:: GIVEN RECORDS ::

(* Let $P$ be a positive, completely labelled causal logic program, let $p$ be an atom, let $\Pi_p$ be the set of non-redundant proofs of $p$ with respect to $P$, and let $I$ be the least causal model of $P$. Then for every causal graph $G$: $G\in\{\mathrm{graph}(\pi)\mid\pi\in\Pi_p\}$ if and only if $G$ is a $\le$-maximal element of $I(p)$.
   Context: Causal graphs, causal values, causal programs, causal models and least models are as follows. Causal graphs over a label set $Lb$: graphs $\langle V,E\rangle$, $V\subseteq Lb$, reflexively and transitively closed; $G\le G'$ iff $G\supseteq G'$; $G<G'$ iff $G\le G'$ and $G\ne G'$; $G*G'=(G\cup G')^*$, $G\cdot G'$ is the closure of the graph with vertices $V\cup V'$ and edges $E\cup E'\cup(V\times V')$. Causal values are down-sets of causal graphs; $*$ is intersection, $+$ union, $U\cdot U'={\downarrow}\{G\cdot G'\mid G\in U,G'\in U'\}$; label $l$ denotes ${\downarrow}$ of the graph with single edge $(l,l)$, and $1$ the set of all causal graphs. A rule is $t:H\leftarrow B_1,\dots,B_n$ with $t\in Lb\cup\{1\}$; a positive program has no default negation; a program is completely labelled if every rule has a label in $Lb$ and no two rules share a label. A causal interpretation $I$ (atoms to causal values) is a model of positive $P$ iff $(I(B_1)*\dots*I(B_n))\cdot t\subseteq I(H)$ for every rule; the least model exists. A proof of atom $p$ w.r.t. $P$ is a derivation tree $\pi(p)=\frac{\pi(B_1)\ \cdots\ \pi(B_n)}{p}(R)$ with $R\in P$, head $p$ and body $\{B_1,\dots,B_n\}$ (antecedent $\top$ when $n=0$). For a completely labelled program, $\mathrm{graph}(\pi)$ is the reflexive–transitive closure of the graph whose vertices are the labels of all rules used in $\pi$ and which contains, for each sub-derivation using rule $R$ with label $m$ and immediate subproofs $\pi(B_i)$ whose last rule has label $l_i$, the edge $(l_i,m)$. A proof $\pi$ of $p$ is redundant if there is another proof $\pi'$ of $p$ with $\mathrm{graph}(\pi)<\mathrm{graph}(\pi')$; otherwise it is non-redundant. *)

From Stdlib Require Import List Relations.
Import ListNotations.
Set Implicit Arguments.

Section Causal.
Variables (L : Type) (A : Type) .

Definition graph : Type := ((L -> Prop) * (L -> L -> Prop))%type.
Definition gV (G : graph) : L -> Prop := fst G.
Definition gE (G : graph) : L -> L -> Prop := snd G.

Definition rtclos (G : graph) : graph :=
  (gV G, fun x y => (x = y /\ gV G x) \/ clos_trans L (gE G) x y).

Definition causal_graph (G : graph) : Prop :=
  (forall x y, gE G x y -> gV G x /\ gV G y) /\
  (forall x, gV G x -> gE G x x) /\
  (forall x y z, gE G x y -> gE G y z -> gE G x z).

(* G <= G'  iff  G is a supergraph of G' *)
Definition gle (G G' : graph) : Prop :=
  (forall x, gV G' x -> gV G x) /\ (forall x y, gE G' x y -> gE G x y).
Definition geq (G G' : graph) : Prop := gle G G' /\ gle G' G.
Definition glt (G G' : graph) : Prop := gle G G' /\ ~ geq G G'.

Definition gprod (G G' : graph) : graph :=
  rtclos (fun x => gV G x \/ gV G' x,
          fun x y => gE G x y \/ gE G' x y \/ (gV G x /\ gV G' y)).

Definition cvalue : Type := graph -> Prop.

Definition is_cvalue (U : cvalue) : Prop :=
  (forall G, U G -> causal_graph G) /\
  (forall G G', U G' -> causal_graph G -> gle G G' -> U G).

Definition down (S : graph -> Prop) : cvalue :=
  fun G => causal_graph G /\ exists G', S G' /\ gle G G'.

Definition cv_one : cvalue := causal_graph.
Definition cv_inter (U U' : cvalue) : cvalue := fun G => U G /\ U' G.
Definition cv_mul (U U' : cvalue) : cvalue :=
  down (fun G => exists G1 G2, U G1 /\ U' G2 /\ geq G (gprod G1 G2)).

Definition single (l : L) : graph := (fun x => x = l, fun x y => x = l /\ y = l).
Definition cv_label (l : L) : cvalue := down (fun G => geq G (single l)).

(* a rule  t : H <- B1, ..., Bn ;  label None stands for 1 *)
Record rule : Type := Rule { rlab : option L; rhead : A; rbody : list A }.
Definition program : Type := rule -> Prop.

Definition term_value (t : option L) : cvalue :=
  match t with None => cv_one | Some l => cv_label l end.

Definition completely_labelled (P : program) : Prop :=
  (forall R, P R -> exists l, rlab R = Some l) /\
  (forall R R', P R -> P R' -> rlab R = rlab R' -> R = R').

Definition cinterp : Type := A -> cvalue.
Definition is_cinterp (I : cinterp) : Prop := forall a, is_cvalue (I a).

Definition body_value (I : cinterp) (B : list A) : cvalue :=
  fold_right (fun b U => cv_inter (I b) U) cv_one B.

Definition is_model (P : program) (I : cinterp) : Prop :=
  forall R, P R -> forall G,
    cv_mul (body_value I (rbody R)) (term_value (rlab R)) G -> I (rhead R) G.

Definition least_model (P : program) (I : cinterp) : Prop :=
  is_cinterp I /\ is_model P I /\
  forall J, is_cinterp J -> is_model P J -> forall a G, I a G -> J a G.

Inductive proof : Type := Node : rule -> list proof -> proof.

Definition root_rule (pi : proof) : rule := match pi with Node R _ => R end.

Inductive is_proof (P : program) : A -> proof -> Prop :=
| is_proof_node : forall R subs,
    P R -> Forall2 (is_proof P) (rbody R) subs ->
    is_proof P (rhead R) (Node R subs).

:::

### PROBLEM DETAILS
All that is wanted is the stretch of lines above from the one containing "(forall G G', U" through the one containing "(forall R R', P", duplicated exactly.

### EXERCISE ANSWER
  (forall G G', U G' -> causal_graph G -> gle G G' -> U G).

Definition down (S : graph -> Prop) : cvalue :=
  fun G => causal_graph G /\ exists G', S G' /\ gle G G'.

Definition cv_one : cvalue := causal_graph.
Definition cv_inter (U U' : cvalue) : cvalue := fun G => U G /\ U' G.
Definition cv_mul (U U' : cvalue) : cvalue :=
  down (fun G => exists G1 G2, U G1 /\ U' G2 /\ geq G (gprod G1 G2)).

Definition single (l : L) : graph := (fun x => x = l, fun x y => x = l /\ y = l).
Definition cv_label (l : L) : cvalue := down (fun G => geq G (single l)).

(* a rule  t : H <- B1, ..., Bn ;  label None stands for 1 *)
Record rule : Type := Rule { rlab : option L; rhead : A; rbody : list A }.
Definition program : Type := rule -> Prop.

Definition term_value (t : option L) : cvalue :=
  match t with None => cv_one | Some l => cv_label l end.

Definition completely_labelled (P : program) : Prop :=
  (forall R, P R -> exists l, rlab R = Some l) /\
  (forall R R', P R -> P R' -> rlab R = rlab R' -> R = R').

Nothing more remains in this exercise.